Set down exactly, from the records below, the line with "pi(0, 0, q)" through the line with "Lemma sum_state (R", and nothing else.

MATERIAL FOR THIS TASK Block Start

(* Fix $\eta\in[0,1]$ and an integer $N\ge0$. For every policy $P(u^{+}\mid u,q)\in\mathcal P^{L}_{\pi}$ (lower-bound construction of the context), the induced stationary distribution satisfies $$\pi(S=0\mid u,q)=\bar\eta^{\,u+1}\qquad\text{for all } q\in[0:N] \text{ and all } u \text{ in the support of } U \text{ given } Q=q,$$ in particular $\pi_{S\mid U,Q}$ does not depend on the policy.
   Context: $\bar\eta=1-\eta$, $[a:b]=\{a,\dots,b\}$. Binary energy-harvesting battery law: $P(S^{+}=0\mid x,s)=\bar\eta\,\mathbb{1}\{x=s\}$ for $x\le s$, $x,s\in\{0,1\}$. Lower-bound construction: $\mathcal Q=\mathcal U=[0:N]$; $g_L(q,1)=0$ for all $q$, $g_L(q,0)=q+1$ for $q\in[0:N-1]$, $g_L(N,0)=0$; $f(u^{+},s)=s\,\mathbb{1}\{u^{+}=0\}$. A policy $P(u^{+}\mid u,q)$ induces the kernel $T(s^{+},u^{+},q^{+}\mid s,u,q)=\sum_xP(u^{+}\mid u,q)\mathbb{1}\{x=f(u^{+},s)\}\mathbb{1}\{q^{+}=g_L(q,x)\}P(s^{+}\mid x,s)$ on $\{0,1\}\times\mathcal U\times\mathcal Q$. $\mathcal P^{L}_{\pi}$: policies for which $T$ has a unique stationary distribution $\pi(s,u,q)$, such that for $q\in[0:N-1]$ the variable $U$ given $Q=q$ lies in $[0:q]$ and $P(u^{+}\mid u,q)=0$ unless $u^{+}\in\{0,u+1\}$, and for $q=N$, $U$ lies in $[0:N]$ and $P(0\mid u,N)=1$. *)

From HB Require Import structures.
From mathcomp Require Import all_boot all_order all_algebra.
Set Implicit Arguments. Unset Strict Implicit. Unset Printing Implicit Defensive.
Import Order.TTheory GRing.Theory Num.Theory.
Local Open Scope ring_scope.

(* Joint state (s, u, q) in {0,1} x [0:N] x [0:N]. *)
Definition state (N : nat) := ('I_2 * 'I_N.+1 * 'I_N.+1)%type.

(* Binary battery law: P(S+ = 0 | x, s) = (1 - eta) * 1{x = s} (used for x <= s). *)
Definition battery {R : nzRingType} (eta : R) (x s s' : nat) : R :=
  let p0 := (1 - eta) * (x == s)%:R in
  if s' == 0%N then p0 else 1 - p0.

Definition fL (u' s : nat) : nat := if u' == 0%N then s else 0%N.

Definition gL (N q x : nat) : nat :=
  if x == 0%N then (if (q < N)%N then q.+1 else 0%N) else 0%N.

(* Policy P(u+ | u, q) is written  P u q u'. *)
Definition policy (R : nzRingType) (N : nat) := 'I_N.+1 -> 'I_N.+1 -> 'I_N.+1 -> R.

Definition is_policy {R : numDomainType} {N : nat} (P : policy R N) : Prop :=
  (forall u q u', 0 <= P u q u') /\ (forall u q, \sum_(u' < N.+1) P u q u' = 1).

(* Induced kernel T(s+,u+,q+ | s,u,q), written kernelT eta P (s,u,q) (s+,u+,q+). *)
Definition kernelT {R : nzRingType} (eta : R) {N : nat} (P : policy R N)
    (z z' : state N) : R :=
  let: (s, u, q) := z in
  let: (s', u', q') := z' in
  \sum_(x < 2) P u q u' * (x == fL u' s :> nat)%:R
                 * (q' == gL N q x :> nat)%:R * battery eta x s s'.

Definition is_stationary {R : numDomainType} {N : nat}
    (T : state N -> state N -> R) (pi : state N -> R) : Prop :=
  [/\ forall z, 0 <= pi z,
      \sum_(z : state N) pi z = 1
    & forall z', pi z' = \sum_(z : state N) pi z * T z z'].

Definition margUQ {R : nzRingType} {N : nat} (pi : state N -> R) (u q : 'I_N.+1) : R :=
  \sum_(s < 2) pi (s, u, q).

Definition in_PL {R : numDomainType} (eta : R) (N : nat) (P : policy R N)
    (pi : state N -> R) : Prop :=
  [/\ is_policy P,
      is_stationary (kernelT eta P) pi
    & (forall pi', is_stationary (kernelT eta P) pi' -> forall z, pi' z = pi z)] /\
  [/\
      (forall q u : 'I_N.+1, (q < N)%N -> (q < u)%N -> margUQ pi u q = 0),
      (forall q u u' : 'I_N.+1, (q < N)%N -> (u' != 0 :> nat) -> (u' != u.+1 :> nat) ->
         P u q u' = 0)
    &
      (forall u : 'I_N.+1, P u ord_max ord0 = 1)].

From HB Require Import structures.
From mathcomp Require Import all_boot all_order all_algebra.
From mathcomp Require Import ring.
Import Order.TTheory GRing.Theory Num.Theory.
Local Open Scope ring_scope.

(* For u > 0 the input is x = 0, and by the support constraints of the policy
   (u, q) is entered only from (u - 1, q - 1). Stationarity then multiplies the
   marginal pi(u, q) and the mass pi(0, u, q) by the same transition weight
   P(u | u - 1, q - 1), the latter with the extra factor P(S+ = 0 | 0, s) =
   (1 - eta) 1{s = 0}. At u = 0 the input equals the battery state, so
   pi(0, 0, q) = (1 - eta) pi(0, q). Induction on u gives
   pi(0, u, q) = (1 - eta)^(u+1) pi(u, q), with no positivity needed. *)

Lemma sum_delta (R : nzSemiRingType) (I : finType) (i0 : I) (F : I -> R) :
  \sum_i F i * (i == i0)%:R = F i0.
Proof.
rewrite (bigD1 i0) //= eqxx mulr1 big1 ?addr0 // => i /negPf->.
by rewrite mulr0.
Qed.

Lemma prob_eq0_off_atom (R : numDomainType) (I : finType) (p : I -> R) (i0 i : I) :
  (forall j, 0 <= p j) -> \sum_j p j = 1 -> p i0 = 1 -> i != i0 -> p i = 0.
Proof.
move=> p_ge0 p_sum1 p_i0 i_neq_i0.
have rest0 : \sum_(j | j != i0) p j = 0.
  by move: p_sum1; rewrite (bigD1 i0) //= p_i0 -{2}[1]addr0 => /addrI.
exact: (psumr_eq0P (fun j _ => p_ge0 j) rest0).
Qed.

Lemma sum_state (R : nzSemiRingType) N (F : state N -> R) :
  \sum_(z : state N) F z = \sum_(s < 2) \sum_(u < N.+1) \sum_(q < N.+1) F (s, u, q).
Proof. by rewrite pair_bigA /= pair_bigA; apply: eq_bigr => -[[]]. Qed.

Lemma fL0 u' s : u' = 0%N -> fL u' s = s.
Proof. by rewrite /fL => ->. Qed.

Lemma fL_neq0 u' s : u' != 0%N -> fL u' s = 0%N.
Proof. by rewrite /fL => /negPf->. Qed.

Lemma sum_battery (R : nzRingType) (eta : R) x s :
  \sum_(s' < 2) battery eta x s s' = 1.
Proof. by rewrite big_ord_recr big_ord1 /battery /= addrC subrK. Qed.

Lemma battery0 (R : nzRingType) (eta : R) x s :
  battery eta x s 0 = (1 - eta) * (x == s)%:R.
Proof. by []. Qed.

Lemma kernelTE (R : nzRingType) (eta : R) N (P : policy R N) (s s' : 'I_2)
    (u q u' q' : 'I_N.+1) :
  kernelT eta P (s, u, q) (s', u', q') =
  P u q u' * (q' == gL N q (fL u' s) :> nat)%:R * battery eta (fL u' s) s s'.
Proof.
rewrite /kernelT big_ord_recr big_ord1 /= /fL.
by case: (_ == 0%N); case: s => -[|[|//]] _ /=; rewrite ?mulr1 ?mulr0 ?mul0r ?addr0 ?add0r.
Qed.

Section StationaryConditional.

Variables (R : comNzRingType) (eta : R) (N : nat) (P : policy R N).
Variable pi : state N -> R.
Hypothesis pi_fixed : forall z', pi z' = \sum_(z : state N) pi z * kernelT eta P z z'.

Lemma margUQ_fixed (u' q' : 'I_N.+1) :
  margUQ pi u' q' = \sum_(z : state N)
    pi z * (P z.1.2 z.2 u' * (q' == gL N z.2 (fL u' z.1.1) :> nat)%:R).
Proof.
rewrite /margUQ; under eq_bigr => s' _ do rewrite pi_fixed.
rewrite exchange_big; apply: eq_bigr => -[[s u] q] _.
under eq_bigr => s' _ do rewrite kernelTE mulrA.
by rewrite /= -mulr_sumr sum_battery mulr1.
Qed.

Lemma pi_s0_u0 (u q : 'I_N.+1) : u = 0 :> nat ->
  pi (ord0, u, q) = (1 - eta) * margUQ pi u q.
Proof.
move=> u0; rewrite pi_fixed margUQ_fixed mulr_sumr; apply: eq_bigr => -[[s u1] q1] _.
by rewrite kernelTE battery0 fL0 // eqxx mulr1; ring.
Qed.

Hypothesis P_max : forall u u' : 'I_N.+1, u' != ord0 -> P u ord_max u' = 0.
Hypothesis P_step : forall q u u' : 'I_N.+1,
  (q < N)%N -> (u' != 0 :> nat) -> (u' != u.+1 :> nat) -> P u q u' = 0.

(* A positive u' forces the input x = 0, which moves q to q + 1 (or resets it at
   q = N, where the policy only plays u' = 0); hence (u', q') is entered only from
   (u' - 1, q' - 1). *)
Lemma inflowE (u0 q0 u' q' : 'I_N.+1) : u' != 0 :> nat ->
  P u0 q0 u' * (q' == gL N q0 0 :> nat)%:R =
  P u0 q0 u' * (u' == u0.+1 :> nat)%:R * (q' == q0.+1 :> nat)%:R.
Proof.
move=> u'_neq0; rewrite /gL /=; case: ltnP => [q0_lt|q0_ge].
  have [_|u'_neq] := eqVneq (u' : nat) u0.+1; first by rewrite mulr1.
  by rewrite P_step // !mul0r.
have -> : q0 = ord_max by apply/val_inj/eqP; rewrite eqn_leq -ltnS ltn_ord.
by rewrite P_max ?mul0r //; apply: contra u'_neq0 => /eqP->.
Qed.

Lemma pi_inflow (s' : 'I_2) (u' q' : 'I_N.+1) : u' != 0 :> nat ->
  pi (s', u', q') = \sum_(z : state N) pi z *
    (P z.1.2 z.2 u' * (u' == z.1.2.+1 :> nat)%:R * (q' == z.2.+1 :> nat)%:R)
    * battery eta 0 z.1.1 s'.
Proof.
move=> u'_neq0; rewrite pi_fixed; apply: eq_bigr => -[[s u] q] _.
by rewrite kernelTE fL_neq0 // inflowE // mulrA.
Qed.

Lemma pi_q0 (s' : 'I_2) (u' q' : 'I_N.+1) : u' != 0 :> nat -> q' = 0 :> nat ->
  pi (s', u', q') = 0.
Proof.
move=> u'_neq0 q'0; rewrite pi_inflow // big1 // => z _.
by rewrite q'0 !mulr0 mul0r.
Qed.

Lemma pi_succ (s' : 'I_2) {u q u' q' : 'I_N.+1} : u' = u.+1 :> nat -> q' = q.+1 :> nat ->
  pi (s', u', q') = \sum_(s < 2) pi (s, u, q) * P u q u' * battery eta 0 s s'.
Proof.
move=> u'E q'E; rewrite pi_inflow ?u'E // sum_state; apply: eq_bigr => s _.
have succE (i j : 'I_N.+1) : (i.+1 == j.+1 :> nat) = (j == i) by rewrite eqSS eq_sym.
under eq_bigr => u0 _ do under eq_bigr => q0 _ do
  rewrite /= q'E !succE [_ * battery _ _ _ _]mulrC !mulrA.
under eq_bigr => u0 _ do rewrite sum_delta.
by rewrite sum_delta; ring.
Qed.

Lemma margUQ_succ {u q u' q' : 'I_N.+1} : u' = u.+1 :> nat -> q' = q.+1 :> nat ->
  margUQ pi u' q' = margUQ pi u q * P u q u'.
Proof.
move=> u'E q'E; rewrite /margUQ.
under eq_bigr => s' _ do rewrite (pi_succ s' u'E q'E).
rewrite exchange_big mulr_suml; apply: eq_bigr => s _.
by rewrite -mulr_sumr sum_battery mulr1.
Qed.

Lemma pi_s0_succ {u q u' q' : 'I_N.+1} : u' = u.+1 :> nat -> q' = q.+1 :> nat ->
  pi (ord0, u', q') = pi (ord0, u, q) * P u q u' * (1 - eta).
Proof.
move=> u'E q'E; rewrite (pi_succ _ u'E q'E) big_ord_recl big_ord1 /=.
by rewrite !battery0 /= mulr1 mulr0 mulr0 addr0.
Qed.

Lemma pi_s0_margUQ (u q : 'I_N.+1) :
  pi (ord0, u, q) = (1 - eta) ^+ (u : nat).+1 * margUQ pi u q.
Proof.
move: q; case: u => n; elim: n => [|n IHn] n_lt q; first exact: pi_s0_u0.
have n_lt' := ltnW n_lt.
case: q => -[|m] m_lt.
  rewrite pi_q0 // /margUQ big1 ?mulr0 // => s _.
  exact: pi_q0.
rewrite (pi_s0_succ (u := Ordinal n_lt') (q := Ordinal (ltnW m_lt))) //.
rewrite (margUQ_succ (u := Ordinal n_lt') (q := Ordinal (ltnW m_lt))) //.
by rewrite IHn /= [in RHS]exprS; ring.
Qed.

End StationaryConditional.

Theorem lemma4 (R : realFieldType) (eta : R) (N : nat) (P : policy R N)
    (pi : state N -> R) :
  0 <= eta <= 1 ->
  in_PL eta P pi ->
  forall q u : 'I_N.+1, 0 < margUQ pi u q ->
    pi (ord0, u, q) / margUQ pi u q = (1 - eta) ^+ (u : nat).+1.
Proof.
move=> _ [[[P_ge0 P_sum1] [_ _ pi_fixed] _] [_ P_step P_max0]] q u marg_gt0.
have P_max u0 u' : u' != ord0 -> P u0 ord_max u' = 0.
  exact: prob_eq0_off_atom (P_ge0 u0 ord_max) (P_sum1 u0 ord_max) (P_max0 u0).
by rewrite (@pi_s0_margUQ _ _ _ _ _ pi_fixed P_max P_step) mulfK // gt_eqF.
Qed.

MATERIAL FOR THIS TASK Block End

▸ **SOLUTION FOR THIS PROBLEM**
   pi(0, 0, q) = (1 - eta) pi(0, q). Induction on u gives
   pi(0, u, q) = (1 - eta)^(u+1) pi(u, q), with no positivity needed. *)

Lemma sum_delta (R : nzSemiRingType) (I : finType) (i0 : I) (F : I -> R) :
  \sum_i F i * (i == i0)%:R = F i0.
Proof.
rewrite (bigD1 i0) //= eqxx mulr1 big1 ?addr0 // => i /negPf->.
by rewrite mulr0.
Qed.

Lemma prob_eq0_off_atom (R : numDomainType) (I : finType) (p : I -> R) (i0 i : I) :
  (forall j, 0 <= p j) -> \sum_j p j = 1 -> p i0 = 1 -> i != i0 -> p i = 0.
Proof.
move=> p_ge0 p_sum1 p_i0 i_neq_i0.
have rest0 : \sum_(j | j != i0) p j = 0.
  by move: p_sum1; rewrite (bigD1 i0) //= p_i0 -{2}[1]addr0 => /addrI.
exact: (psumr_eq0P (fun j _ => p_ge0 j) rest0).
Qed.

Lemma sum_state (R : nzSemiRingType) N (F : state N -> R) :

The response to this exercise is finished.